Wanted to add another problem I’m facing. When I call tensorize with call_extern within a AutoTVM template function it is not able to resolve the external call. But the problem does not appear when the function is not decorated as a AutoTVM template function. I load the dynamic library via

def load_lib():
“”“Load library, the functions will be registered into TVM”""
curr_path = os.path.dirname(os.path.abspath(os.path.expanduser(file)))
# load in as global so the global extern symbol is visible to other dll.
lib = ctypes.CDLL(
os.path.join(curr_path, “…/”), ctypes.RTLD_GLOBAL)
return lib

_LIB = load_lib()

in the script that I invoke. contains my external function called with call_extern but is not resolved. Says symbol lookup error.

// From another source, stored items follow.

(* Let $f\colon G\to H$ and $g\colon G\to K$ be graph maps. (1) For integers $p\ge0$ and $q_1,q_2\ge1$, the commutative square \[\begin{array}{ccc} G\square I_p&\xrightarrow{\ r_p(f,\mathrm{id})\ }&\mathrm{Cyl}_{p+q_1}(f,\mathrm{id}_G)\\ {\scriptstyle \ell_p(\mathrm{id},g)}\downarrow&&\downarrow{\scriptstyle \ell_{p+q_1}(f,g)}\\ \mathrm{Cyl}_{p+q_2}(\mathrm{id}_G,g)&\xrightarrow{\ r_{p+q_2}(f,g)\ }&\mathrm{Cyl}_{p+q_1+q_2}(f,g)\end{array}\] is a $(p+1)$-skeletal pushout. (2) If $f$ is injective, (1) also holds when $q_1=0$. (3) If $g$ is injective, (1) also holds when $q_2=0$.
   Context: Graphs are sets with a reflexive symmetric relation; graph maps preserve it. $I_m$ has vertices $0,\dots,m$ and edges $i\sim i+1$; $G\square H$ has vertex set $V(G)\times V(H)$ and $(v,w)\sim(v',w')$ iff ($v=v'$, $w\sim w'$) or ($v\sim v'$, $w=w'$). For $f\colon G\to H$, $g\colon G\to K$, $\mathrm{Cyl}_m(f,g)$ is the quotient of $H\sqcup(G\square I_m)\sqcup K$ by $(v,0)\sim f(v)$, $(v,m)\sim g(v)$ (a colimit in graphs); in particular $\mathrm{Cyl}_p(\mathrm{id}_G,\mathrm{id}_G)\cong G\square I_p$. For $0\le k\le m$: $\ell_k(f,g)\colon\mathrm{Cyl}_k(f,\mathrm{id}_G)\to\mathrm{Cyl}_m(f,g)$ is the identity on $H$ and sends $(v,t)\mapsto(v,t)$; $r_k(f,g)\colon\mathrm{Cyl}_k(\mathrm{id}_G,g)\to\mathrm{Cyl}_m(f,g)$ is the identity on $K$ and sends $(v,t)\mapsto(v,t+m-k)$. The $1$-nerve $N_1G$ is the cubical set (presheaf on the box category with faces, degeneracies and connections) whose $k$-cubes are graph maps $I_1^{\square k}\to G$; $\operatorname{sk}^n$ is the subobject generated by cubes of dimension $\le n$. A commutative square of graphs is an $n$-skeletal pushout if applying $\operatorname{sk}^n\circ N_1$ yields a pushout of cubical sets. *)

From Stdlib Require Import Relations ClassicalEpsilon ProofIrrelevance
  FunctionalExtensionality PropExtensionality.
From HB Require Import structures.
From mathcomp Require Import all_boot.
From mathcomp Require Import zify.

Set Implicit Arguments.
Unset Strict Implicit.
Unset Printing Implicit Defensive.

Record graph := Graph {
  vert :> Type;
  adj : vert -> vert -> Prop;
  adj_refl : forall x, adj x x;
  adj_sym : forall x y, adj x y -> adj y x }.
Arguments adj {g} _ _.

Definition is_gmap (G H : graph) (f : G -> H) : Prop :=
  forall x y, adj x y -> adj (f x) (f y).

Record gmap (G H : graph) := GMap { gfun :> G -> H; gfunP : is_gmap gfun }.

Definition gid (G : graph) : gmap G G :=
  @GMap G G (fun x => x) (fun x y (h : adj x y) => h).

Lemma sig_eqP (A : Type) (P : A -> Prop) (x y : sig P) :
  proj1_sig x = proj1_sig y -> x = y.
Proof.
case: x => a pa; case: y => b pb /= eab; subst b.
by rewrite (proof_irrelevance _ pa pb).
Qed.

Definition iadj m (i j : 'I_m.+1) : Prop :=
  (i : nat) = j \/ i.+1 = j \/ j.+1 = i.

Lemma iadj_refl m (i : 'I_m.+1) : iadj i i. Proof. by left. Qed.
Lemma iadj_sym m (i j : 'I_m.+1) : iadj i j -> iadj j i.
Proof. rewrite /iadj; lia. Qed.

Definition intg (m : nat) : graph := Graph (@iadj_refl m) (@iadj_sym m).

Definition bxadj (G H : graph) (x y : G * H) : Prop :=
  (x.1 = y.1 /\ adj x.2 y.2) \/ (adj x.1 y.1 /\ x.2 = y.2).

Lemma bxadj_refl (G H : graph) (x : G * H) : bxadj x x.
Proof. by left; split => //; apply: adj_refl. Qed.
Lemma bxadj_sym (G H : graph) (x y : G * H) : bxadj x y -> bxadj y x.
Proof.
by case=> [[e a]|[a e]]; [left|right]; split => //; apply: adj_sym.
Qed.

Definition boxg (G H : graph) : graph :=
  Graph (@bxadj_refl G H) (@bxadj_sym G H).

The script uses tensorize , and one of the intrinsic function is implmented by call_extern to a function within the library.


AutoTVM will likely start another process of TVM so the library you load may not be loaded in the other process. That is why it is fine if you force it globally in the tvm library. You could make use of the RPC and force it on during the start of rpc server.

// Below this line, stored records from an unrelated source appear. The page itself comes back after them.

(* Write k = n + 1, m = 2n + 2 and T for the limit of c_nu Lambda^k s_nu.  For a
   k x m matrix Y, T applied to the Pluecker vector of Y is the limit of the
   decomposable vectors c_nu pl(Y s_nu^T); decomposable vectors form a closed cone,
   so every nonzero such vector is the Pluecker vector of an n-plane, which is then
   a limit n-plane.  Limit n-planes miss the n-plane B0 lying in Omega, and meeting
   B0 is the vanishing of a linear form psi in Pluecker coordinates.  Hence, as
   functions of Y, the form psi(T pl(Y)) vanishes only where every coordinate of
   T pl(Y) does.  A linear form on the Grassmannian vanishing on the zero set of
   another non-zero one is proportional to it (the hyperplane section is
   irreducible); so T pl(Y) is always a multiple of one decomposable vector, and
   the image of T is a single point of the Grassmannian. *)

Section KSubsets.
Variables m k : nat.
Implicit Types S T : ksub m k.

Lemma ksub_idx_in S a : ksub_idx S a \in val S.
Proof. exact: enum_valP. Qed.

Lemma ksub_idx_inj S : injective (ksub_idx S).
Proof. by move=> a b /enum_val_inj /cast_ord_inj. Qed.

Lemma ksub_idx_onto S x : x \in val S -> exists a, ksub_idx S a = x.
Proof.
move=> Sx; exists (cast_ord (eqP (valP S)) (enum_rank_in Sx x)).
by rewrite /ksub_idx cast_ordK enum_rankK_in.
Qed.

Lemma ksub_subset_eq S T : val S \subset val T -> S = T.
Proof.
move=> sST; apply/val_inj/eqP.
by rewrite eqEcard sST (eqP (valP S)) (eqP (valP T)) /=.
Qed.

End KSubsets.

Section PluckerCoordinates.
Variable F : comPzRingType.
Variables k m : nat.
Implicit Types S T : ksub m k.

Definition pluck (B : 'M[F]_(k, m)) S : F := \det (colsub (ksub_idx S) B).

Definition ksub_sel S : 'M[F]_(k, m) := \matrix_(a, j) (j == ksub_idx S a)%:R.

Lemma pluck_ksub_sel S T : pluck (ksub_sel S) T = (T == S)%:R.
Proof.
rewrite /pluck; have [<-|neST] := eqVneq T S.
  have -> : colsub (ksub_idx T) (ksub_sel T) = 1%:M.
    by apply/matrixP => a b; rewrite !mxE (inj_eq (@ksub_idx_inj _ _ T)) eq_sym.
  by rewrite det1.
have /subsetPn [x xS xT] : ~~ (val S \subset val T).
  by apply: contra neST => /ksub_subset_eq ->.
have [a Ea] := ksub_idx_onto xS.
rewrite (expand_det_row _ a) big1 // => b _; rewrite !mxE.
case: eqP => [Eb|]; last by rewrite mul0r.
by move: xT; rewrite -Ea -Eb ksub_idx_in.
Qed.

Lemma mulmx_ksub_selT n (A : 'M[F]_(n, m)) S :
  A *m (ksub_sel S)^T = colsub (ksub_idx S) A.
Proof.
apply/matrixP => i b; rewrite !mxE (bigD1 (ksub_idx S b)) //= !mxE eqxx mulr1.
by rewrite big1 ?addr0 // => j /negPf nj; rewrite !mxE nj mulr0.
Qed.

Lemma pluck_mulmx (M : 'M[F]_k) (B : 'M[F]_(k, m)) S :
  pluck (M *m B) S = \det M * pluck B S.
Proof. by rewrite /pluck -mulmx_colsub det_mulmx. Qed.

Lemma pluckZ c (B : 'M[F]_(k, m)) S : pluck (c *: B) S = c ^+ k * pluck B S.
Proof. by rewrite -mul_scalar_mx pluck_mulmx det_scalar. Qed.

(* [km] only serves to name some k-subset when f is not injective. *)
Hypothesis km : (k <= m)%N.

Lemma det_colsub_pluck (f : 'I_k -> 'I_m) :
  {p : F * ksub m k | forall B : 'M[F]_(k, m),
    \det (colsub f B) = p.1 * pluck B p.2}.
Proof.
have [/injectiveP f_inj | f_ninj] := boolP (injectiveb f); last first.
  have widen_inj : injective (widen_ord km) by move=> a b /(congr1 val) /= /ord_inj.
  have cardS0 : #|[set widen_ord km a | a : 'I_k]| == k.
    by rewrite card_imset ?cardsT ?card_ord.
  exists (0, exist (fun S : {set 'I_m} => #|S| == k) _ cardS0) => B.
  have /injectivePn [a1 [a2 neq12 eq12]] := f_ninj.
  by rewrite mul0r -det_tr (determinant_alternate neq12) // => j; rewrite !mxE eq12.
have cardT : #|f @: setT| == k by rewrite card_imset ?cardsT ?card_ord.
pose T : ksub m k := exist (fun S : {set 'I_m} => #|S| == k) _ cardT.
pose g a := odflt a [pick b | ksub_idx T b == f a].
have gE a : ksub_idx T (g a) = f a.
  rewrite /g; case: pickP => [b /eqP //|none].
  have [b Eb] := ksub_idx_onto (imset_f f (in_setT a) : f a \in val T).
  by move: (none b); rewrite Eb eqxx.
have g_inj : injective g by move=> a b /(congr1 (ksub_idx T)); rewrite !gE => /f_inj.
exists ((-1) ^+ perm g_inj, T) => B /=.
have -> : colsub f B = col_perm (perm g_inj) (colsub (ksub_idx T) B).
  by apply/matrixP => i j; rewrite !mxE permE gE.
by rewrite col_permE det_mulmx det_perm odd_permV mulrC.
Qed.

Lemma det_mulmx_expand (A : 'M[F]_(k, m)) (B : 'M[F]_(m, k)) :
  \det (A *m B) =
    \sum_(f : {ffun 'I_k -> 'I_m}) (\prod_i A i (f i)) * \det (rowsub f B).
Proof.
pose AB (s : 'S_k) i j := A i j * B j (s i).
transitivity (\sum_(s : 'S_k) \sum_(f : {ffun 'I_k -> 'I_m})
                 (-1) ^+ s * \prod_i AB s i (f i)).
  apply: eq_bigr => s _; rewrite -big_distrr /= -(bigA_distr_bigA (AB s)) /=.
  by congr (_ * _); apply: eq_bigr => i _; rewrite mxE.
rewrite exchange_big; apply: eq_bigr => f _ /=; rewrite big_distrr /=.
apply: eq_bigr => s _; rewrite /AB big_split /= mulrCA; congr (_ * (_ * _)).
by apply: eq_bigr => i _; rewrite mxE.
Qed.

Lemma cauchy_binet (A : 'M[F]_(k, m)) (B : 'M[F]_(m, k)) :
  \det (A *m B) = \sum_S pluck A S * \det (rowsub (ksub_idx S) B).
Proof.
pose p f := sval (det_colsub_pluck f).
have pP f B' : \det (rowsub f B') = (p f).1 * \det (rowsub (ksub_idx (p f).2) B').
  by rewrite -det_tr -[in RHS]det_tr !trmx_mxsub; apply: (svalP (det_colsub_pluck f)).
pose c (A' : 'M[F]_(k, m)) S :=
  \sum_(f : {ffun 'I_k -> 'I_m} | (p f).2 == S) (\prod_i A' i (f i)) * (p f).1.
have expand A' B' :
    \det (A' *m B') = \sum_S c A' S * \det (rowsub (ksub_idx S) B').
  rewrite det_mulmx_expand.
  rewrite (partition_big (fun f : {ffun 'I_k -> 'I_m} => (p f).2) predT) //=.
  apply: eq_bigr => S _; rewrite big_distrl /=; apply: eq_bigr => f /eqP <-.
  by rewrite pP mulrA.
suff cE S : c A S = pluck A S by rewrite expand; under eq_bigr do rewrite cE.
have selE T : \det (rowsub (ksub_idx T) (ksub_sel S)^T) = (T == S)%:R.
  by rewrite -trmx_mxsub det_tr; apply: pluck_ksub_sel.
rewrite /pluck -mulmx_ksub_selT expand (bigD1 S) //= selE eqxx mulr1.
by rewrite big1 ?addr0 // => T /negPf neTS; rewrite selE neTS mulr0.
Qed.

Definition decomposable (x : ksub m k -> F) :=
  exists (c : F) (Z : 'M[F]_(k, m)), forall T, x T = c * pluck Z T.

Lemma pluck_mulmx_tr (Y : 'M[F]_(k, m)) (g : 'M[F]_m) S :
  pluck (Y *m g^T) S =
    \sum_T \det (mxsub (ksub_idx S) (ksub_idx T) g) * pluck Y T.
Proof.
rewrite /pluck -mulmx_colsub cauchy_binet; apply: eq_bigr => T _.
by rewrite mulrC -det_tr; congr (\det _ * _); apply/matrixP => i j; rewrite !mxE.
Qed.

Lemma det_set_col (N : 'M[F]_k) (z : 'cV[F]_k) a :
  \det (\matrix_(i, b) if b == a then z i 0 else N i b) = (\adj N *m z) a 0.
Proof.
rewrite (expand_det_col _ a) mxE; apply: eq_bigr => i _.
rewrite !mxE eqxx mulrC; congr (_ * _); rewrite /cofactor; congr (_ * \det _).
by apply/matrixP => i' j'; rewrite !mxE eq_sym (negPf (neq_lift a j')).
Qed.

In your particular case, it would still be great if you can directly put things in contrib. If it relies on external deps, we can still use an example, and you can put that in apps for now for additional examples. If you have the source code of the micro kernel, it would be great to directly inline that in the schedule. See


Thanks, this clarifies things. I’ll add to apps directory and isolate the source code for the micro kernel in the future and check into contrib. I think adding to apps will be the first stage.


Is there an example of how to use the RPC and force it during the start of the server? Looks like I should starting the RPC server listening on a particular port on localhost and then run the RPCrunner in AutoTVM? The problem is I’m running in a slurm batch scheduled environment and I don’t know if this will work. Is there any other way to export the library when using AutoTVM?


if you directly inline the code into the tensorize, it should work as the exported library already contains the dependency.


I understand I could do that, but the thing is the library containing the function that is being referenced by call_extern by tensorize is under active development and I’d like to just call it as an external function by loading the library so that I get the latest implementation according to the dynamic library version.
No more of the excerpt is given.